[Dataset entries]

Lemma MVT_ge (g g' : R -> R) a b c : a <= b ->
  (forall t, a <= t <= b -> continuity_pt g t) ->
  (forall t, a < t < b -> derivable_pt_lim g t (g' t)) ->
  (forall t, a < t < b -> c <= g' t) ->
  c * (b - a) <= g b - g a.
Proof.
move=> a_le_b cg dg g'_ge.
have cmg t : a <= t <= b -> continuity_pt (fun t => - g t) t.
  by move=> t_ab; apply: (continuity_pt_opp g); apply: cg.
have dmg t : a < t < b -> derivable_pt_lim (fun t => - g t) t (- g' t).
  by move=> t_ab; apply: (derivable_pt_lim_opp g); apply: dg.
have mg'_le t : a < t < b -> - g' t <= - c by move=> t_ab; have := g'_ge t t_ab; lra.
by have := MVT_le _ _ a b (- c) a_le_b cmg dmg mg'_le; lra.
Qed.

Lemma Rpower_bernoulli w r : 0 < w -> 1 <= r -> 1 + r * (w - 1) <= Rpower w r.
Proof.
move=> w_gt0 r_ge1.
pose h u := Rpower u r - r * u.
pose h' u := r * Rpower u (r - 1) - r.
have dh u : 0 < u -> derivable_pt_lim h u (h' u).
  move=> u_gt0; apply: (derivable_pt_lim_minus (fun u => Rpower u r) (fun u => r * u)).
    exact: derivable_pt_lim_power.
  by have := derivable_pt_lim_scal id r u 1 (derivable_pt_lim_id u); rewrite Rmult_1_r.
have ch u : 0 < u -> continuity_pt h u.
  by move=> u_gt0; apply: derivable_pt_lim_continuity_pt (dh u u_gt0).
suff : h 1 <= h w by rewrite /h Rpower_1_l; lra.
have [w_ge1 | w_lt1] := Rle_lt_dec 1 w.
- suff : 0 * (w - 1) <= h w - h 1 by lra.
  apply: (MVT_ge h h') => //.
  + by move=> t t_ab; apply: ch; lra.
  + by move=> t t_ab; apply: dh; lra.
  + move=> t t_ab; rewrite /h'.
    by have := Rle_Rpower t 0 (r - 1) (ltac:(lra)) (ltac:(lra)); rewrite Rpower_O; nra.
- suff : h 1 - h w <= 0 * (1 - w) by lra.
  apply: (MVT_le h h'); first lra.
  + by move=> t t_ab; apply: ch; lra.
  + by move=> t t_ab; apply: dh; lra.
  + move=> t t_ab; rewrite /h'.
    by have := Rpower_le_1 t (r - 1) (ltac:(lra)) (ltac:(lra)); nra.
Qed.

Lemma Rpower_sub1_mul m r : 0 < m -> Rpower m (r - 1) * m = Rpower m r.
Proof.
by move=> m_gt0; rewrite -{2}(Rpower_1 m m_gt0) -Rpower_plus; congr Rpower; ring.
Qed.

Lemma rpow_tangent_le m r a : 0 < m -> 1 <= r -> 0 <= a ->
  Rpower m r + r * Rpower m (r - 1) * (a - m) <= rpow a r.
Proof.
move=> m_gt0 r_ge1 [a_gt0 | <-].
- have am_gt0 : 0 < a / m by apply: Rdiv_lt_0_compat.
  have -> : rpow a r = Rpower m r * Rpower (a / m) r.
    by rewrite rpow_Rpower // Rpower_mult_distr //; congr Rpower; field; lra.
  have -> : Rpower m (r - 1) = Rpower m r / m.
    by rewrite -(Rpower_sub1_mul m r m_gt0); field; lra.
  have := Rpower_bernoulli (a / m) r am_gt0 r_ge1.
  have := Rpower_pos m r.
  have -> : Rpower m r + r * (Rpower m r / m) * (a - m) = Rpower m r * (1 + r * (a / m - 1))
    by field; lra.
  by move=> mr_gt0 bern; apply: Rmult_le_compat_l; lra.
- rewrite rpow_le0; last exact: Rle_refl.
  have -> : Rpower m r + r * Rpower m (r - 1) * (0 - m) = (1 - r) * Rpower m r.
    by rewrite -(Rpower_sub1_mul m r m_gt0); ring.
  by have := Rpower_pos m r; nra.
Qed.

Lemma vsum_rpow_concave n (a : 'I_n -> R) r : (forall i, 0 <= a i) -> r <= 1 ->
  rpow (vsum a) r <= vsum (fun i => rpow (a i) r).
Proof.
move=> a_ge0 r_le1.
have [A_le0 | A_gt0] := Rle_lt_dec (vsum a) 0.
  by rewrite rpow_le0 //; apply: sumR_ge0 => i; apply: rpow_ge0.
set A := vsum a in A_gt0 *.
have -> : rpow A r = vsum (fun i => Rpower A r / A * a i).
  by rewrite rpow_Rpower // vsumE sumR_scal -vsumE -/A; field; lra.
apply: sumR_le => i; have [ai_gt0 | ai0] := Rle_lt_or_eq_dec 0 (a i) (a_ge0 i); last first.
  by rewrite -ai0 Rmult_0_r rpow_le0; apply: Rle_refl.
have aiA_gt0 : 0 < a i / A by apply: Rdiv_lt_0_compat.
have aiA_le1 : a i / A <= 1.
  by apply/(Rdiv_le_1 _ _ A_gt0); rewrite /A; apply: vsum_term_le.
have -> : Rpower A r / A * a i = Rpower A r * (a i / A) by field; lra.
have -> : rpow (a i) r = Rpower A r * Rpower (a i / A) r.
  by rewrite rpow_Rpower // Rpower_mult_distr //; congr Rpower; field; lra.
apply: Rmult_le_compat_l; first by apply: Rlt_le; apply: Rpower_pos.
by apply: Rpower_ge_self => //; nra.
Qed.

Lemma vsum_rpow_convex n (a : 'I_n -> R) r : (forall i, 0 <= a i) -> 1 <= r ->
  Rpower (INR n) (1 - r) * rpow (vsum a) r <= vsum (fun i => rpow (a i) r).
Proof.
move=> a_ge0 r_ge1.
have [A_le0 | A_gt0] := Rle_lt_dec (vsum a) 0.
  by rewrite rpow_le0 // Rmult_0_r; apply: sumR_ge0 => i; apply: rpow_ge0.
set A := vsum a in A_gt0 *.
have n_gt0 : 0 < INR n.
  case: n a a_ge0 @A A_gt0 => [|k] a _ A; last by move=> _; apply: lt_0_INR; apply/ltP.
  by rewrite /A vsumE; case: (enum 'I_0) (size_enum_ord 0) => // /=; lra.
set m := A / INR n.
have m_gt0 : 0 < m by apply: Rdiv_lt_0_compat.
pose c := r * Rpower m (r - 1).
have mean : INR n * Rpower m r = Rpower (INR n) (1 - r) * rpow A r.
  rewrite rpow_Rpower // /m /Rdiv -Rpower_mult_distr //; last exact: Rinv_0_lt_compat.
  have -> : Rpower (/ INR n) r = Rpower (INR n) (- r).
    by rewrite /Rpower ln_Rinv //; congr exp; ring.
  by rewrite /Rminus Rpower_plus Rpower_1 //; ring.
(* sum the tangent lines of [rpow _ r] at the mean [m] of the [a i] *)
rewrite -mean; apply: (Rle_trans _ (vsum (fun i => Rpower m r + c * (a i - m)))).
  rewrite vsumE (sumR_ext _ (fun i => (Rpower m r - c * m) + c * a i)); last by move=> i; ring.
  rewrite sumR_add sumR_const sumR_scal size_enum_ord -vsumE -/A /m; right; field; lra.
by apply: sumR_le => i; apply: rpow_tangent_le.
Qed.

Lemma derivable_pt_lim_Rpower_comp (V : R -> R) t d r : 0 < V t ->
  derivable_pt_lim V t d ->
  derivable_pt_lim (fun u => Rpower (V u) r) t (r * Rpower (V t) (r - 1) * d).
Proof.
move=> Vt_gt0 dV.
exact: (derivable_pt_lim_comp V (fun y => Rpower y r) t d _ dV (derivable_pt_lim_power _ r Vt_gt0)).
Qed.

Lemma continuity_pt_Rpower_comp (V : R -> R) t r : 0 < V t ->
  continuity_pt V t -> continuity_pt (fun u => Rpower (V u) r) t.
Proof.
move=> Vt_gt0 cV; apply: (continuity_pt_comp V (fun y => Rpower y r)) => //.
exact: derivable_pt_lim_continuity_pt (derivable_pt_lim_power _ r Vt_gt0).
Qed.

Section PowerDecay.
Variables (V D : R -> R) (a b k r : R).
Hypothesis a_le_b : a <= b.
Hypothesis V_gt0 : forall t, a <= t <= b -> 0 < V t.
Hypothesis V_cont : forall t, a <= t <= b -> continuity_pt V t.
Hypothesis V_deriv : forall t, a < t < b -> derivable_pt_lim V t (D t).
Hypothesis D_le : forall t, a < t < b -> D t <= - k * Rpower (V t) r.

[/Dataset entries]

# [Task to carry out]
Across the records above, how many lines does the word "ltac" appear on? Reply with the number only.

# [Reply]
2